Иногда непроходимые вьюги несутся несколько дней и ночей над угрюмой землёй, заметая к нему все пути, не пуская и самых нетерпеливых больных, и он немного приходит в себя. Первым делом тщательно бреется, предварительно вымывшись в бане. Тася медицинскими ножницами подправляет причёску. Он разрывает бандероль с опоздавшей на неделю газетой с таким же биением сердца, как три-четыре года назад распечатывал голубые конверты, которые присылала из Саратова Тася. Он размышляет.

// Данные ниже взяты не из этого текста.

Lemma schur_set_ub :
  ubound [set r : R | exists X : 'M[K]_(m, n),
            opnorm abs X <= 1 /\ r = opnorm abs (schur_mul A X)] (Num.sqrt (al * be)).
Proof.
move=> _ [X [X1 ->]]; apply: opnorm_le; first exact: sqrtr_ge0.
move=> v; rewrite sqr_sqrtr ?mulr_ge0 //.
apply: le_trans (sqnorm_schur_mul_le X v) _.
rewrite -mulrA ler_wpM2l ?mulr_ge0 // ler_piMl ?sqnorm_ge0 //.
by rewrite expr_le1 ?opnorm_ge0.
Qed.

Lemma schur_norm_le : schur_norm abs A <= Num.sqrt (al * be).
Proof.
apply: ge_sup schur_set_ub; exists (opnorm abs (schur_mul A 0)), 0; split => //.
apply: opnorm_le => // v.
by rewrite mul0mx sqnorm0 mulr_ge0 ?sqr_ge0 ?sqnorm_ge0.
Qed.

Lemma vnorm_schur_mul_le X v : opnorm abs X <= 1 ->
  vnorm abs (schur_mul A X *m v) <= schur_norm abs A * vnorm abs v.
Proof.
move=> X1; apply: le_trans (vnorm_mul_le _ v) _.
rewrite ler_wpM2r ?sqrtr_ge0 //.
by apply: (ub_le_sup (ex_intro _ _ schur_set_ub)); exists X.
Qed.

End Factorization.

Lemma sqnorm_map n (u : 'cV[R]_n) : sqnorm (map_mx emb u) = sqnormR u.
Proof. by apply: eq_bigr => i _; rewrite mxE abs_emb normK. Qed.

Lemma sqnorm_reim n (v : 'cV[K]_n) :
  sqnorm v = sqnormR (map_mx re v) + sqnormR (map_mx im v).
Proof.
by rewrite /sqnorm /sqnormR -big_split; apply: eq_bigr => i _; rewrite sqr_abs !mxE.
Qed.

Lemma map_re_mul m n (M : 'M[R]_(m, n)) (v : 'cV[K]_n) :
  map_mx re (map_mx emb M *m v) = M *m map_mx re v.
Proof.
apply/matrixP => i j; rewrite !mxE re_sum.
by apply: eq_bigr => l _; rewrite !mxE reZ.
Qed.

Lemma map_im_mul m n (M : 'M[R]_(m, n)) (v : 'cV[K]_n) :
  map_mx im (map_mx emb M *m v) = M *m map_mx im v.
Proof.
apply/matrixP => i j; rewrite !mxE im_sum.
by apply: eq_bigr => l _; rewrite !mxE imZ.
Qed.

Lemma opnorm_map_le1 m n (M : 'M[R]_(m, n)) :
  (forall u, sqnormR (M *m u) <= sqnormR u) -> opnorm abs (map_mx emb M) <= 1.
Proof.
move=> M1; apply: opnorm_le => // v.
by rewrite expr1n mul1r !sqnorm_reim map_re_mul map_im_mul lerD.
Qed.

Lemma map_schur_mul m n (M N : 'M[R]_(m, n)) :
  map_mx emb (schur_mul M N) = schur_mul (map_mx emb M) (map_mx emb N).
Proof. by apply/matrixP => i j; rewrite !mxE rmorphM. Qed.

Lemma map_matA : map_mx emb (matA R) = matA K.
Proof. by apply/matrixP => i j; rewrite !mxE rmorph_nat. Qed.

Lemma map_matB : map_mx emb (matB R) = matB K.
Proof. by apply/matrixP => i j; rewrite !mxE rmorph_nat. Qed.

Theorem schur_norm_matB_lt_matA : schur_norm abs (matB K) < schur_norm abs (matA K).
Proof.
have B_le : schur_norm abs (matB K) <= Num.sqrt (408%:R^-1 * 632%:R).
  rewrite -map_matB matB_factor.
  by apply: schur_norm_le (@xB_rows R) (@yB_rows R) _ _; rewrite ?invr_ge0 ler0n.
pose c : R := (Num.sqrt 140%:R)^-1.
have c2 : c ^+ 2 = 140%:R^-1 by rewrite exprVn sqr_sqrtr ?ler0n.
have X1 : opnorm abs (map_mx emb (c *: NA R)) <= 1.
  apply: opnorm_map_le1 => u.
  by rewrite -scalemxAl sqnormRZ sqnormR_NA_mul c2 mulrA mulVf ?pnatr_eq0 ?mul1r.
have := vnorm_schur_mul_le (matA_rows R) (@identity_rows R 4) (ler0n _ 3) ler01
          (map_mx emb (vA R)) X1.
rewrite trmx1 mulmx1 -map_schur_mul -map_mxM map_matA !vnormE !sqnorm_map.
rewrite sqnormR_schur_matA sqnormR_vA c2 => A_ge.
rewrite ltNge; apply/negP => A_le.
have := le_trans A_ge (ler_wpM2r (sqrtr_ge0 _) (le_trans A_le B_le)).
rewrite -sqrtrM ?mulr_ge0 ?invr_ge0 ?ler0n // ler_sqrt ?mulr_ge0 ?invr_ge0 ?ler0n //.
lra.
Qed.

End ScalarField.

Lemma schur_norm_matB_lt_matA_real (R : realType) :
  schur_norm (fun x : R => `|x|) (matB R) < schur_norm (fun x : R => `|x|) (matA R).
Proof.
apply: (@schur_norm_matB_lt_matA R R idfun id (fun _ => 0)) => //.
- by move=> a b; rewrite addr0.
- by move=> r z; rewrite mulr0.
- exact: normrM.
- by move=> z; rewrite expr0n addr0 sqrtr_sqr.
Qed.

Lemma schur_norm_matB_lt_matA_complex (R : realType) :
  schur_norm (@Normc.normc R) (matB R[i]) < schur_norm (@Normc.normc R) (matA R[i]).
Proof.
apply: (@schur_norm_matB_lt_matA R R[i] (real_complex R) (@complex.Re R) (@complex.Im R)).
- by case=> a b [c d].
- by case=> a b [c d].
- by move=> r [a b] /=; ring.
- by move=> r [a b] /=; ring.
- by [].
- by [].
- exact: Normc.normcM.
- by case.
Qed.

Theorem proposition5p7 (R : realType) :
  schur_norm (fun x : R => `|x|) (matA R) > schur_norm (fun x : R => `|x|) (matB R)
  /\
  schur_norm (@Normc.normc R) (matA R[i]) > schur_norm (@Normc.normc R) (matB R[i]).
Proof.
by split; [exact: schur_norm_matB_lt_matA_real | exact: schur_norm_matB_lt_matA_complex].
Qed.
(* Let $X$ be a Tychonoff regular locally Menger $p$-space and let $Y=bX\setminus X$ be a remainder of $X$ in some compactification $bX$. Then there is a compact subspace $K$ of $Y$ such that every closed subset $F$ of $Y$ with $F\cap K=\emptyset$ is a Lindelöf $p$-space (and hence every such $F$ is an $s$-space).
   Context: A space $X$ is Menger if for each sequence $(\mathcal{U}_n)$ of open covers of $X$ there is a sequence $(\mathcal{V}_n)$ with each $\mathcal{V}_n$ a finite subset of $\mathcal{U}_n$ and $\bigcup_{n}\bigcup\mathcal{V}_n=X$. A space $X$ is locally Menger if for each $x\in X$ there exist an open set $U$ and a Menger subspace $Y$ of $X$ with $x\in U\subseteq Y$. A Tychonoff space $X$ is a $p$-space if in some (equivalently, any) compactification $bX$ there is a countable family $\{\mathcal{U}_n:n\in\mathbb{N}\}$, each $\mathcal{U}_n$ a collection of open subsets of $bX$, such that for each $x\in X$, $x\in\bigcap_{n}\bigcup\{U\in\mathcal{U}_n:x\in U\}\subseteq X$. For a family $\mathcal{C}$ of subsets of $Z$, $\mathcal{C}_\delta$ is the family of intersections of nonempty subfamilies of $\mathcal{C}$ and $\mathcal{C}_{\delta,\sigma}$ the family of unions of subfamilies of $\mathcal{C}_\delta$; $\mathcal{C}$ is a source for $Y\subseteq Z$ if $Y\in\mathcal{C}_{\delta,\sigma}$. A Tychonoff space $X$ is an $s$-space if there is a countable source for $X$ in some (equivalently, any) compactification $bX$ consisting of open subsets of $bX$. *)

(* A Tychonoff space X with a compactification bX is
   modelled as a dense subset X of a compact Hausdorff space T (= bX).
   All notions below are for subspaces A of T, formulated with the subspace
   topology (open sets of A are traces V `&` A of open sets V of T). *)
From HB Require Import structures.
From mathcomp Require Import all_boot all_order all_algebra.
From mathcomp Require Import all_classical all_reals all_analysis.
Set Implicit Arguments. Unset Strict Implicit. Unset Printing Implicit Defensive.
Local Open Scope classical_set_scope.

Однако и размышления его тяжелы.
Сначала всё ничего. Нетрудно понять, что газету он неизменно раскрывает на разделе театров: так тоскует без музыки, что начинает даже казаться, что никакого “Фауста” нет. Читает: на прошедшей неделе в Большом театре даётся “Аида”. Так и вспыхивает мелодия увертюры. И дальше, и дальше! “Мой милый друг, приди ко мне...” Уже видится незабвенная опера в городе Киеве, уже своим замечательным басом поёт что-то Сибиряков, уже Сашка Гдешинский, в чёрном смокинге, в белом пластроне, с тихой усмешкой, шагает по проходу первого ряда партера, а он!.. Эх! Эх! Вдали от шума, вдали от культурных людей. И так и брызжет в глаза электрический свет, трезвонит на поворотах трамвай, свежие газеты приходят с утра, “Фауст” действительно есть, потому что “Фауст” бессмертен, интеллигентные люди ходят в гости друг к другу, в галстуках бабочкой, с букетами отличных цветов, целуют ручки у дам, говорят им комплименты, исполняют небольшие концерты, скрипка, гитара, рояль, поют, обсуждают последние новости, спорят о том, за какую именно сумму императрица Алиса Гессенская продаёт своим немцам нашу Россию и какие именно суммы военный министр получает с промышленников за то, что промышленники, сукины дети, поставляют снаряды, которые разрываются в орудийных стволах, калеча и убивая прислугу, спорят о том, победит ли Антанта и чем обернётся для России война, особенно же непримиримые, жаркие споры ведутся о том, какое будущее ожидает Россию, поскольку ни один спор интеллигентных людей обойтись без будущего России просто не может.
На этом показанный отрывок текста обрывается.